He’s growing anxious to know how it ends.
Men die and women too, the earth lives on.
Outside the city you can see from here
two pyramids you never see inside.
Up here you can pace, having the money
and the time to keep you out of the fray.
People throng the streets. They overthrow God.
He’s revealed to be a mere man, fleeing.
In Mexico the doctor was writing
his history of the revolution.
Who did he think he was? Leon Trotsky?
No, he objected, I’m not that damned cur.
He explained. Orders to fire on workers . . .
Lenin dying, Stalin named, Trotsky gone.
Guillermo and Cynthia in D. F.
He is seeking Frida and Diego,
how they greeted the Bolshevik Trotsky
unfrocked, Mexico in revolution . . .
She is assessing la casa azul.
She tells Guillermo to come to bed now.
Up here, the revolution triumphant,
everyone who worked to overthrow God
can make the Bible a true story now.
They will put back in what was taken out.
They will open the pyramids to us,
the tourists who were born in Mexico
of no mother, no father, orphans all.
We write Mexico City from Cairo.
Guillermo writes back. This is the moment,
he declares, to ask the doctor’s advice . . .

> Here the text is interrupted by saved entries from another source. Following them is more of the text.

(* Let $E$ be a directed graph. (1) Every non-empty clopen subset of $\partial E$ contains two distinct points of some single $\mathcal{G}_E$-orbit if and only if $E$ satisfies Conditions (L) and (T). (2) $|\operatorname{Orb}_{\mathcal{G}_E}(x)|\ge3$ for all $x\in\partial E$ if and only if $E$ has no degenerate vertices.
   Context: Graph notation: $E=(E^0,E^1,r,s)$; finite paths $e_1\cdots e_n$ with $r(e_i)=s(e_{i+1})$ (vertices are paths of length $0$); $vE^*w$ the paths from $v$ to $w$; $vE^1$, $E^1v$ edges with source, resp. range, $v$. Sink: $vE^1=\emptyset$; source: $E^1v=\emptyset$; singular: sink or $vE^1$ infinite. Cycle: positive-length path with $r=s$; loop: cycle of length 1; exit of $e_1\cdots e_n$: edge $e\ne e_i$ with $s(e)=s(e_i)$. Condition (L): every cycle has an exit. Condition (T): for every $v$ there is $w$ with $|vE^*w|\ge2$. A vertex $v$ is degenerate if: (1) $E^1v=\{e\}$ with $e$ a loop; or (2) $E^1v=\{e,f\}$, $e$ a loop, $s(f)$ a source; or (3) there is $w\ne v$ with $E^1v=\{e\}=wE^1v$ and $E^1w=\{f\}=vE^1w$; or (4) $vE^1$ infinite and $E^1v=\emptyset$; or (5) $v$ singular and $E^1v=\{f\}$ with $s(f)$ a source; or (6) $vE^1=E^1v=\emptyset$. $\partial E=E^\infty\cup\{\mu: r(\mu)\text{ singular}\}$ with basis $Z(\mu)\setminus\bigcup_{e\in F}Z(\mu e)$ ($Z(\mu)=\{\mu x\in\partial E\}$, $F\subseteq r(\mu)E^1$ finite); $\sigma_E$ deletes the first edge (sending a single edge $e$ to $r(e)$). $\mathcal{G}_E=\{(x,m-n,y):m,n\ge0,|x|\ge m,|y|\ge n,\sigma_E^m(x)=\sigma_E^n(y)\}$ with $r(x,k,y)=x$, $s(x,k,y)=y$, unit space $\partial E$; $\operatorname{Orb}_{\mathcal{G}_E}(x)=\{r(g): g\in\mathcal{G}_E, s(g)=x\}$ (equivalently, boundary paths tail equivalent to $x$). *)

From Stdlib Require Import List ZArith.
Import ListNotations.
Set Implicit Arguments.

(* A directed graph E = (E^0, E^1, r, s); no countability assumed. *)
Record graph := Graph {
  vert : Type;
  edge : Type;
  rg : edge -> vert;
  sc : edge -> vert }.
Arguments rg {g} _.
Arguments sc {g} _.

Section G.
Variable E : graph.

(* A finite path is a pair (v, e_1 ... e_n): start vertex v and edges with
   s(e_1) = v and r(e_i) = s(e_{i+1}); n = 0 gives the vertex v. *)
Fixpoint valid_path (v : vert E) (l : list (edge E)) : Prop :=
  match l with
  | [] => True
  | e :: l' => sc e = v /\ valid_path (rg e) l'
  end.

Fixpoint path_range (v : vert E) (l : list (edge E)) : vert E :=
  match l with
  | [] => v
  | e :: l' => path_range (rg e) l'
  end.

Definition out_finite (v : vert E) : Prop :=
  exists L : list (edge E), forall e, sc e = v -> In e L.

Definition is_sink (v : vert E) : Prop := forall e, sc e <> v.
Definition is_source (v : vert E) : Prop := forall e, rg e <> v.
Definition singular (v : vert E) : Prop := is_sink v \/ ~ out_finite v.

Definition condL : Prop :=
  forall (v : vert E) (l : list (edge E)),
    l <> [] -> valid_path v l -> path_range v l = v ->
    exists i ei e, nth_error l i = Some ei /\ sc e = sc ei /\ e <> ei.

Definition condT : Prop :=
  forall v : vert E, exists (w : vert E) (l1 l2 : list (edge E)),
    valid_path v l1 /\ valid_path v l2 /\
    path_range v l1 = w /\ path_range v l2 = w /\ l1 <> l2.
Lemma frame_ip_conj i j : (frame_ip (@conjc R) A i j)^* = frame_ip (@conjc R) A j i.
Proof.
rewrite rmorph_sum; apply: eq_bigr => k _.
by rewrite rmorphM /= conjcK mulrC.
Qed.

Let G_idem : G *m G = G.
Proof. by rewrite -trmx_mul mulmxA -(mulmxA (adjmx _ A)) A_parseval mulmx1. Qed.

Let G_trace : \tr G = N%:R.
Proof. by rewrite mxtrace_tr mxtrace_mulC A_parseval mxtrace1. Qed.

Lemma sum_normc_frame_ip_sqr :
  \sum_i \sum_j Normc.normc (frame_ip (@conjc R) A i j) ^+ 2 = N%:R.
Proof.
apply: (@complexI R); rewrite rmorph_nat rmorph_sum -G_trace -G_idem.
apply: eq_bigr => i _; rewrite rmorph_sum mxE; apply: eq_bigr => j _.
by rewrite rmorphXn /= sqr_normc frame_ip_conj !frame_ipE.
Qed.

Lemma sum_normc_frame_ip_diag : \sum_i Normc.normc (frame_ip (@conjc R) A i i) = N%:R.
Proof.
apply: (@complexI R); rewrite rmorph_nat rmorph_sum -G_trace.
apply: eq_bigr => i _; rewrite -frame_ipE; apply: ger0_norm.
by apply: sumr_ge0 => k _; exact: mulcJ_ge0.
Qed.

Lemma total_coherence_le_sqrt : (0 < M)%N -> (N <= M)%N ->
  total_coherence (@conjc R) (@Normc.normc R) A <= Num.sqrt (N * (M - N) * (M - 1))%:R.
Proof.
move=> M_gt0 NM; apply: sum_offdiag_le_sqrt => //.
- by move=> i j; case: (frame_ip _ _ _ _) => x y; exact: sqrtr_ge0.
- exact: sum_normc_frame_ip_sqr.
- exact: sum_normc_frame_ip_diag.
Qed.

End ComplexParseval.

Section Complexify.
Variables (R : realType) (N M : nat) (A : 'M[R]_(N, M)).

Local Notation AC := (map_mx (real_complex R) A).

Let adjmx_complexify : adjmx (@conjc R) AC = map_mx (real_complex R) (adjmx (fun x => x) A).
Proof. by apply/matrixP => i j; rewrite !mxE conjc_real. Qed.

Lemma parseval_complexify : parseval (fun x => x) A -> parseval (@conjc R) AC.
Proof. by rewrite /parseval adjmx_complexify -map_mxM => ->; rewrite map_mx1. Qed.

Let frame_ip_complexify i j :
  frame_ip (@conjc R) AC i j = (frame_ip (fun x => x) A i j)%:C.
Proof.
by rewrite rmorph_sum; apply: eq_bigr => k _; rewrite !mxE conjc_real rmorphM.
Qed.

Lemma total_coherence_complexify :
  total_coherence (@conjc R) (@Normc.normc R) AC =
  total_coherence (fun x => x) (fun x => `|x|) A.
Proof.
apply: eq_bigr => i _; apply: eq_bigr => j _.
by rewrite frame_ip_complexify /Normc.normc /= expr0n /= addr0 sqrtr_sqr.
Qed.

End Complexify.

Theorem proposition3 (R : realType) (M N : nat) (hN : (1 <= N)%N) (hNM : (N < M)%N) :
  (* F = R *)
  (forall Psi : 'M[R]_(N, M),
     TC_maximizer (fun x : R => x) (fun x : R => `|x|) Psi ->
     TC_bounds (fun x : R => x) (fun x : R => `|x|) Psi) /\
  (* F = C = R[i] *)
  (forall Psi : 'M[R[i]]_(N, M),
     TC_maximizer (@conjc R) (@Normc.normc R) Psi ->
     TC_bounds (@conjc R) (@Normc.normc R) Psi).
Proof.
have M_gt0 : (0 < M)%N by lia.
have NM : (N <= M)%N by lia.
have [A A_parseval A_tc] := exists_parseval_tc_ge_max R N M hN hNM.
split=> Psi [Psi_parseval Psi_max]; split.
- exact: le_trans A_tc (Psi_max A A_parseval).
- rewrite -total_coherence_complexify.
  by apply: total_coherence_le_sqrt => //; exact: parseval_complexify.
- apply: le_trans A_tc _; rewrite -total_coherence_complexify.
  by apply: Psi_max; exact: parseval_complexify.
- exact: total_coherence_le_sqrt.
Qed.
(* Let $\sigma$ be the substitution on $\{0,1\}$ given by $\sigma(0)=01$, $\sigma(1)=00$, let $X_\sigma\subset\{0,1\}^{\mathbb Z}$ be its subshift with shift map $S$, and let $T:X_\sigma\times\mathbb Z_3\to X_\sigma\times\mathbb Z_3$ be $T(x,z)=(Sx,z+1)$. Then the system $(X_\sigma\times\mathbb Z_3,T)$ is neither expansive nor equicontinuous.
   Context: $X_\sigma$ is the set of bi-infinite sequences over $\{0,1\}$ all of whose finite subwords are subwords of $\sigma^k(a)$ for some $a\in\{0,1\}$, $k\ge1$ (with $\sigma$ extended to words by concatenation); $S(x)_i=x_{i+1}$. $\mathbb Z_3$ is the ring of $3$-adic integers. $T$ is expansive if there is $\delta>0$ such that distinct points are separated by more than $\delta$ along some iterate; equicontinuous if the family $\{T^n\}_{n\in\mathbb Z}$ is equicontinuous. *)

From HB Require Import structures.
From mathcomp Require Import all_boot all_order all_algebra.
From mathcomp Require Import all_classical all_reals.
Set Implicit Arguments. Unset Strict Implicit. Unset Printing Implicit Defensive.
Import Order.TTheory GRing.Theory Num.Theory.
Local Open Scope ring_scope.
Local Open Scope classical_set_scope.

(* Alphabet {0,1}: 0 = false, 1 = true. *)
Definition sigma (a : bool) : seq bool :=
  if a then [:: false; false] else [:: false; true].

Definition sigma_word (w : seq bool) : seq bool := flatten (map sigma w).

Definition sigma_iter (k : nat) (a : bool) : seq bool := iter k sigma_word [:: a].

Definition biseq := int -> bool.

Definition subword (x : biseq) (i : int) (n : nat) : seq bool :=
  mkseq (fun j : nat => x (i + j%:Z)) n.

Definition in_Xsigma (x : biseq) : Prop :=
  forall (i : int) (n : nat), exists (a : bool) (k : nat),
    (1 <= k)%N /\ infix (subword x i n) (sigma_iter k a).

Definition shift (x : biseq) : biseq := fun i => x (i + 1).
Definition shift_inv (x : biseq) : biseq := fun i => x (i - 1).

(* 3-adic integers, as the inverse limit of Z/3^n Z: compatible sequences
   of residues z n in [0, 3^n). *)
Definition pow3 (n : nat) : int := (3 ^ n)%N%:Z.
Definition is_Z3 (z : nat -> int) : Prop :=
  forall n : nat, 0 <= z n < pow3 n /\ (z n.+1 = z n %[mod pow3 n])%Z.

Definition Z3_addc (c : int) (z : nat -> int) : nat -> int :=
  fun n => ((z n + c) %% pow3 n)%Z.

Definition point := (biseq * (nat -> int))%type.
Definition in_space (p : point) : Prop := in_Xsigma p.1 /\ is_Z3 p.2.
Definition T (p : point) : point := (shift p.1, Z3_addc 1 p.2).
Definition T_inv (p : point) : point := (shift_inv p.1, Z3_addc (-1) p.2).

Definition Titer (n : int) (p : point) : point :=
  match n with
  | Posz m => iter m T p
  | Negz m => iter m.+1 T_inv p
  end.

(* Metrics: on the shift, d(x,y) = 2^{-min{|i| : x_i <> y_i}} (0 if x = y);
   on Z_3 the 3-adic metric |z - w|_3; on the product the max metric. *)
Definition dX {R : realType} (x y : biseq) : R :=
  inf [set r : R | r = 1 \/
        exists n : nat, (forall i : int, `|i| <= n%:Z -> x i = y i)
                        /\ r = (2%:R : R) ^- n.+1].
Definition dZ3 {R : realType} (z w : nat -> int) : R :=
  inf [set r : R | exists n : nat, z n = w n /\ r = (3%:R : R) ^- n].
Definition dist {R : realType} (p q : point) : R :=
  Num.max (dX p.1 q.1) (dZ3 p.2 q.2).

Definition expansive (R : realType) : Prop :=
  exists delta : R, 0 < delta /\
    forall p q : point, in_space p -> in_space q -> p <> q ->
      exists n : int, delta < dist (Titer n p) (Titer n q).

Definition equicontinuous (R : realType) : Prop :=
  forall p : point, in_space p -> forall eps : R, 0 < eps ->
    exists delta : R, 0 < delta /\
      forall q : point, in_space q -> dist p q < delta ->
        forall n : int, dist (Titer n p) (Titer n q) < eps.

(* Let t(m) be the parity of the 2-adic valuation of m (with t(0) = 0).  Then
   sigma^k(0) = t(1) t(2) ... t(2^k), and t(m + 2^K) = t(m) whenever
   0 < |m| < 2^K, and also for m = 0 when K is even.  Shifting a window of t
   by a large even power of 2 therefore places it inside some sigma^k(0), so
   every translate of t lies in X_sigma.
   Not expansive: (t, 0) and (t, 3^N) stay 3^-N-close along the whole orbit.
   Not equicontinuous: for even L, t and t(. + 2^L) agree on |i| < 2^L, but
   after 2^L shifts their 0-th letters are t(2^L) = 0 and t(2^(L+1)) = 1. *)

From Pilot Require Import Defs.
From mathcomp Require Import all_boot all_order all_algebra.
From mathcomp Require Import all_classical all_reals.
From mathcomp Require Import zify ring.
Set Implicit Arguments. Unset Strict Implicit. Unset Printing Implicit Defensive.
Import Order.TTheory GRing.Theory Num.Theory.
Local Open Scope ring_scope.

Lemma sigma_word_cat s t : sigma_word (s ++ t) = sigma_word s ++ sigma_word t.
Proof. by rewrite /sigma_word map_cat flatten_cat. Qed.

Lemma iter_sigma_word_cat k s t :
  iter k sigma_word (s ++ t) = iter k sigma_word s ++ iter k sigma_word t.
Proof. by elim: k => //= k ->; rewrite sigma_word_cat. Qed.

Lemma sigma_iterS k a :
  sigma_iter k.+1 a = sigma_iter k false ++ sigma_iter k (~~ a).
Proof.
rewrite /sigma_iter iterSr.
have -> : sigma_word [:: a] = [:: false] ++ [:: ~~ a] by case: a.
by rewrite iter_sigma_word_cat.
Qed.

Lemma size_sigma_iter k a : size (sigma_iter k a) = (2 ^ k)%N.
Proof.
elim: k a => [|k IH] a //.
by rewrite sigma_iterS size_cat !IH expnS mul2n addnn.
Qed.

Lemma logn_eq_dvd p a b : prime p -> (0 < a)%N -> (0 < b)%N ->
  (forall k, (p ^ k %| a) = (p ^ k %| b))%N -> logn p a = logn p b.
Proof.
move=> p_pr a_gt0 b_gt0 dvd_ab.
have le_log k : (k <= logn p a)%N = (k <= logn p b)%N.
  by rewrite -!pfactor_dvdn // dvd_ab.
by apply/eqP; rewrite eqn_leq le_log leqnn -le_log leqnn.
Qed.

Lemma logn_addz_dvd p K (m d : int) : prime p ->
  ~~ ((p ^ K)%N%:Z %| m)%Z -> ((p ^ K)%N%:Z %| d)%Z ->
  logn p `|m + d| = logn p `|m|.
Proof.
move=> p_pr ndvd_m dvd_d.
have m_neq0 : m != 0 by apply: contraNneq ndvd_m => ->; apply: dvdz0.
have md_neq0 : m + d != 0.
  apply: contraNneq ndvd_m => /eqP; rewrite addr_eq0 => /eqP ->.
  by rewrite rpredN.
apply: logn_eq_dvd; rewrite ?absz_gt0 // => k.
rewrite -[(p ^ k)%N]/`|(p ^ k)%N%:Z|%N -!dvdzE.
have [le_kK | lt_Kk] := leqP k K.
  apply: rpredDr; apply: dvdz_trans dvd_d.
  by rewrite dvdzE /= dvdn_exp2l.
have dvd_pK : ((p ^ K)%N%:Z %| (p ^ k)%N%:Z)%Z by rewrite dvdzE /= dvdn_exp2l // ltnW.
apply/idP/idP => /(dvdz_trans dvd_pK); last by rewrite (negbTE ndvd_m).
by rewrite rpredDr // (negbTE ndvd_m).
Qed.

Definition toeplitz (m : int) : bool := odd (logn 2 `|m|).

Lemma toeplitz_exp2 K : toeplitz (2 ^ K)%N = odd K.
Proof. by rewrite /toeplitz /= pfactorK. Qed.

Lemma toeplitz_addr_exp2 K (m : int) : m != 0 -> `|m| < (2 ^ K)%N ->
  toeplitz (m + (2 ^ K)%N) = toeplitz m.
Proof.
move=> m_neq0 lt_m; rewrite /toeplitz (@logn_addz_dvd 2 K) ?dvdzz //.
rewrite dvdzE /=; apply: contraTN lt_m => /(dvdn_leq _) le_m.
by rewrite -leNgt lez_nat le_m // absz_gt0.
Qed.

Lemma toeplitz_addr_exp2_even K (m : int) : ~~ odd K -> `|m| < (2 ^ K)%N ->
  toeplitz (m + (2 ^ K)%N) = toeplitz m.
Proof.
move=> K_even lt_m; have [->|m_neq0] := eqVneq m 0; last exact: toeplitz_addr_exp2.
by rewrite add0r toeplitz_exp2 (negbTE K_even).
Qed.

Lemma nth_sigma_iter k a n : (n < 2 ^ k)%N ->
  nth false (sigma_iter k a) n =
  if n.+1 == (2 ^ k)%N then a (+) odd k else toeplitz n.+1.
Proof.
elim: k a n => [|k IH] a n.
  by rewrite expn0 ltnS leqn0 => /eqP ->; rewrite addbF.
rewrite sigma_iterS nth_cat size_sigma_iter expnS mul2n -addnn => lt_n.
have [lt_nk | le_kn] := ltnP n (2 ^ k).
  have -> : (n.+1 == 2 ^ k + 2 ^ k)%N = false by apply/eqP; have := expn_gt0 2 k; lia.
  rewrite IH //.
  by case: eqP => // ->; rewrite toeplitz_exp2.
rewrite IH ?ltn_subLR //.
have -> : ((n - 2 ^ k).+1 == 2 ^ k)%N = (n.+1 == 2 ^ k + 2 ^ k)%N by apply/eqP/eqP; lia.
case: eqP => [_ | ne]; first by rewrite /= addNb addbN.
have -> : n.+1 = ((n - 2 ^ k).+1 + 2 ^ k)%N by lia.
by rewrite PoszD toeplitz_addr_exp2 //; lia.
Qed.

Lemma sigma_iter_false k :
  sigma_iter k false = mkseq (fun n => toeplitz n.+1) (2 ^ k).
Proof.
apply: (@eq_from_nth _ false); first by rewrite size_sigma_iter size_mkseq.
move=> n; rewrite size_sigma_iter => lt_n.
rewrite nth_sigma_iter // nth_mkseq //.
by case: eqP => // ->; rewrite toeplitz_exp2.
Qed.

Lemma infix_mkseq (T : eqType) (f h : nat -> T) n m d : (d + n <= m)%N ->
  (forall t, (t < n)%N -> f t = h (d + t)%N) -> infix (mkseq f n) (mkseq h m).
Proof.
move=> le_dn_m f_h; apply/infixP.
exists (take d (mkseq h m)), (drop (d + n) (mkseq h m)).
have -> : mkseq f n = take n (drop d (mkseq h m)).
  apply: (@eq_from_nth _ (f 0%N)).
    by rewrite size_mkseq size_takel // size_drop size_mkseq; lia.
  move=> t; rewrite size_mkseq => lt_t.
  by rewrite nth_mkseq // nth_take // nth_drop nth_mkseq ?f_h //; lia.
by rewrite addnC -drop_drop !cat_take_drop.
Qed.

Lemma toeplitz_window (j : int) n : exists2 k, (1 <= k)%N &
  infix (mkseq (fun t => toeplitz (j + t%:Z)) n) (sigma_iter k false).
Proof.
set K := (`|j| + n).*2.
have lt_jn : (`|j| + n < 2 ^ K)%N.
  by apply: leq_ltn_trans (ltn_expl _ _) => //; rewrite /K -addnn leq_addr.
exists K.+1 => //; rewrite sigma_iter_false.
pose d := absz (j + (2 ^ K)%N - 1)%R.
apply: (@infix_mkseq _ _ _ _ _ d); first by rewrite /d expnS; lia.
move=> t lt_t; have -> : (d + t).+1 = j + t%:Z + (2 ^ K)%N :> int by rewrite /d; lia.
by rewrite toeplitz_addr_exp2_even ?odd_double //; lia.
Qed.

Definition toeplitz_shift (c : int) : biseq := fun i => toeplitz (i + c).

Lemma toeplitz_shift_in_Xsigma c : in_Xsigma (toeplitz_shift c).
Proof.
move=> i n; have [k k_ge1 win] := toeplitz_window (i + c) n.
exists false, k; split => //; congr (infix _ _): win.
by apply: eq_mkseq => t; rewrite /toeplitz_shift; congr toeplitz; lia.
Qed.

Definition Z3_of_int (c : int) : nat -> int := fun n => (c %% pow3 n)%Z.

Lemma is_Z3_of_int c : is_Z3 (Z3_of_int c).
Proof.
have pow3_gt0 n : 0 < pow3 n by rewrite ltz_nat expn_gt0.
move=> n; rewrite /Z3_of_int modz_ge0 ?ltz_pmod ?gt_eqF //; split => //.
have -> : (c %% pow3 n.+1)%Z = - (c %/ pow3 n.+1)%Z * 3 * pow3 n + c.
  by rewrite {3}(divz_eq c (pow3 n.+1)) /pow3 expnS PoszM; ring.
by rewrite modzMDl modz_mod.
Qed.

Lemma Titer_fst_eq n (p q : Defs.point) : p.1 = q.1 -> (Titer n p).1 = (Titer n q).1.
Proof.
move=> eq_pq; case: n => m /=; first by elim: m => //= m ->.
by elim: m => [|m IH] /=; rewrite ?eq_pq ?IH.
Qed.

Lemma Titer_snd_eq n (p q : Defs.point) k :
  p.2 k = q.2 k -> (Titer n p).2 k = (Titer n q).2 k.
Proof.
move=> eq_pq; case: n => m; rewrite /Titer; [elim: m | elim: m.+1] => //= m' IH;
  by rewrite /Z3_addc IH.
Qed.

Lemma Titer_fst_Posz (m : nat) (p : Defs.point) i : (Titer m p).1 i = p.1 (i + m%:Z).
Proof.
elim: m i => [|m IH] i /=; first by rewrite addr0.
by rewrite /shift IH; congr (p.1 _); lia.
Qed.

Section Metric.
Variable R : realType.

Lemma dX_le (x y : biseq) M : (forall i, `|i| <= M%:Z -> x i = y i) ->
  dX x y <= (2%:R : R) ^- M.+1.
Proof.
move=> eq_xy; apply: ge_inf; last by right; exists M.
by exists 0 => r [->|[n [_ ->]]] //; rewrite invr_ge0 exprn_ge0.
Qed.

Lemma dX_ge1 (x y : biseq) : x 0 <> y 0 -> 1 <= dX x y :> R.
Proof.
move=> neq_xy0; apply: lb_le_inf; first by exists 1; left.
by move=> r [->|[n [eq_xy _]]] //; case: neq_xy0; apply: eq_xy; rewrite normr0.
Qed.

Lemma dZ3_le (z w : nat -> int) N : z N = w N -> dZ3 z w <= (3%:R : R) ^- N.
Proof.
move=> eq_zw; apply: ge_inf; last by exists N.
by exists 0 => r [n [_ ->]]; rewrite invr_ge0 exprn_ge0.
Qed.

Lemma dist_lt (p q : Defs.point) M N (delta : R) :
  (forall i, `|i| <= M%:Z -> p.1 i = q.1 i) -> p.2 N = q.2 N ->
  (2%:R : R) ^- M.+1 < delta -> (3%:R : R) ^- N < delta -> dist p q < delta.
Proof.
move=> eq_pq1 eq_pq2 lt2 lt3; rewrite /dist gt_max.
apply/andP; split; first exact: le_lt_trans (dX_le eq_pq1) lt2.
exact: le_lt_trans (dZ3_le eq_pq2) lt3.
Qed.

Lemma invr_expn_lt (b m : nat) (delta : R) : (1 < b)%N -> 0 < delta ->
  (Num.bound delta^-1 <= m)%N -> (b%:R : R) ^- m < delta.
Proof.
move=> b_gt1 delta_gt0 le_m.
have b_gt0 : (0 : R) < b%:R ^+ m by rewrite exprn_gt0 // ltr0n; lia.
rewrite -[X in _ < X]invrK ltf_pV2 ?posrE ?invr_gt0 //.
apply: (lt_le_trans (archi_boundP _)); first by rewrite invr_ge0 ltW.
apply: (@le_trans _ _ m%:R); first by rewrite ler_nat.
by rewrite -natrX ler_nat ltnW // ltn_expl.
Qed.

Lemma exists_small_scale (delta : R) : 0 < delta ->
  exists N : nat, (2%:R : R) ^- N.+1 < delta /\ (3%:R : R) ^- N < delta.
Proof.
move=> delta_gt0; exists (Num.bound delta^-1).
by rewrite !invr_expn_lt.
Qed.

End Metric.

Lemma not_expansive (R : realType) : ~ expansive R.
Proof.
move=> [delta [delta_gt0 separated]].
have [N [lt2 lt3]] := exists_small_scale delta_gt0.
pose p : Defs.point := (toeplitz_shift 0, Z3_of_int 0).
pose q : Defs.point := (toeplitz_shift 0, Z3_of_int (pow3 N)).
have neq_pq : p <> q.
  move=> /(congr1 (fun r : Defs.point => r.2 N.+1)) /=; rewrite /Z3_of_int mod0z.
  rewrite modz_small /pow3 ?ltz_nat ?ltn_exp2l //; have := expn_gt0 3 N; lia.
have [n] := separated p q (conj (toeplitz_shift_in_Xsigma 0) (is_Z3_of_int 0))
  (conj (toeplitz_shift_in_Xsigma 0) (is_Z3_of_int _)) neq_pq.
apply/negP; rewrite -leNgt ltW // (dist_lt (M := N) (N := N)) //.
  by move=> i _; rewrite (@Titer_fst_eq n p q).
by apply: Titer_snd_eq; rewrite /= /Z3_of_int mod0z modzz.
Qed.

Lemma not_equicontinuous (R : realType) : ~ equicontinuous R.
Proof.
move=> equicont.
pose z := Z3_of_int 0.
pose p : Defs.point := (toeplitz_shift 0, z).
have [delta [delta_gt0 close]] :=
  equicont p (conj (toeplitz_shift_in_Xsigma 0) (is_Z3_of_int 0)) 1 ltr01.
have [N [lt2 lt3]] := exists_small_scale delta_gt0.
pose L := N.+1.*2.
have lt_NL : (N < 2 ^ L)%N by have := @ltn_expl 2 L isT; rewrite /L -addnn; lia.
pose q : Defs.point := (toeplitz_shift (2 ^ L)%N, z).
have lt_pq : dist p q < delta.
  apply: (dist_lt (M := N) (N := N)) => // i le_i.
  rewrite /= /toeplitz_shift addr0 toeplitz_addr_exp2_even ?odd_double //.
  by apply: le_lt_trans le_i _; rewrite ltz_nat.
have := close q (conj (toeplitz_shift_in_Xsigma _) (is_Z3_of_int 0)) lt_pq (2 ^ L)%N.
apply/negP; rewrite -leNgt /dist le_max dX_ge1 //.
rewrite !Titer_fst_Posz /= /toeplitz_shift !add0r addr0 -PoszD addnn -mul2n -expnS.
by rewrite !toeplitz_exp2 /= odd_double.
Qed.

Theorem mainTheorem12 (R : realType) : ~ expansive R /\ ~ equicontinuous R.
Proof. by split; [apply: not_expansive | apply: not_equicontinuous]. Qed.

The doctor is shut up in the jungle,
writing between sleeps, unavailable.
Guillermo will go see the Vallejo
in jail, the railroad worker, the striker
whose skin knows no tears, bones no surrender.
The senora says no one can see him.
The doctor told her to call Guillermo.
Watch Eisenstein’s Que viva Mexico!
carefully, the senora says for him,
weather crackling in the telefono.
Guillermo is struck by how the peasants
are buried up to their necks and murdered
–or executed, as the judges say–
by men on horses whose hooves ride them down.
There you see the true price Mexico pays
even now, the senora says, freedom
exacts its toll before it is freedom.
When God flees, the weather changes itself
into new elements, each its own
fire, water, earth, and air. The galaxy
pulls through black holes all sucked in and swallowed
so constellations might wait until now
to sweep space of its cargo of fragments
and open the eye to show the unseen.
That’s all very well, Guillermo would say,
the world is a concept. This is the earth.
Two pyramids shine in the morning sun.
Revolution puts the world back on earth.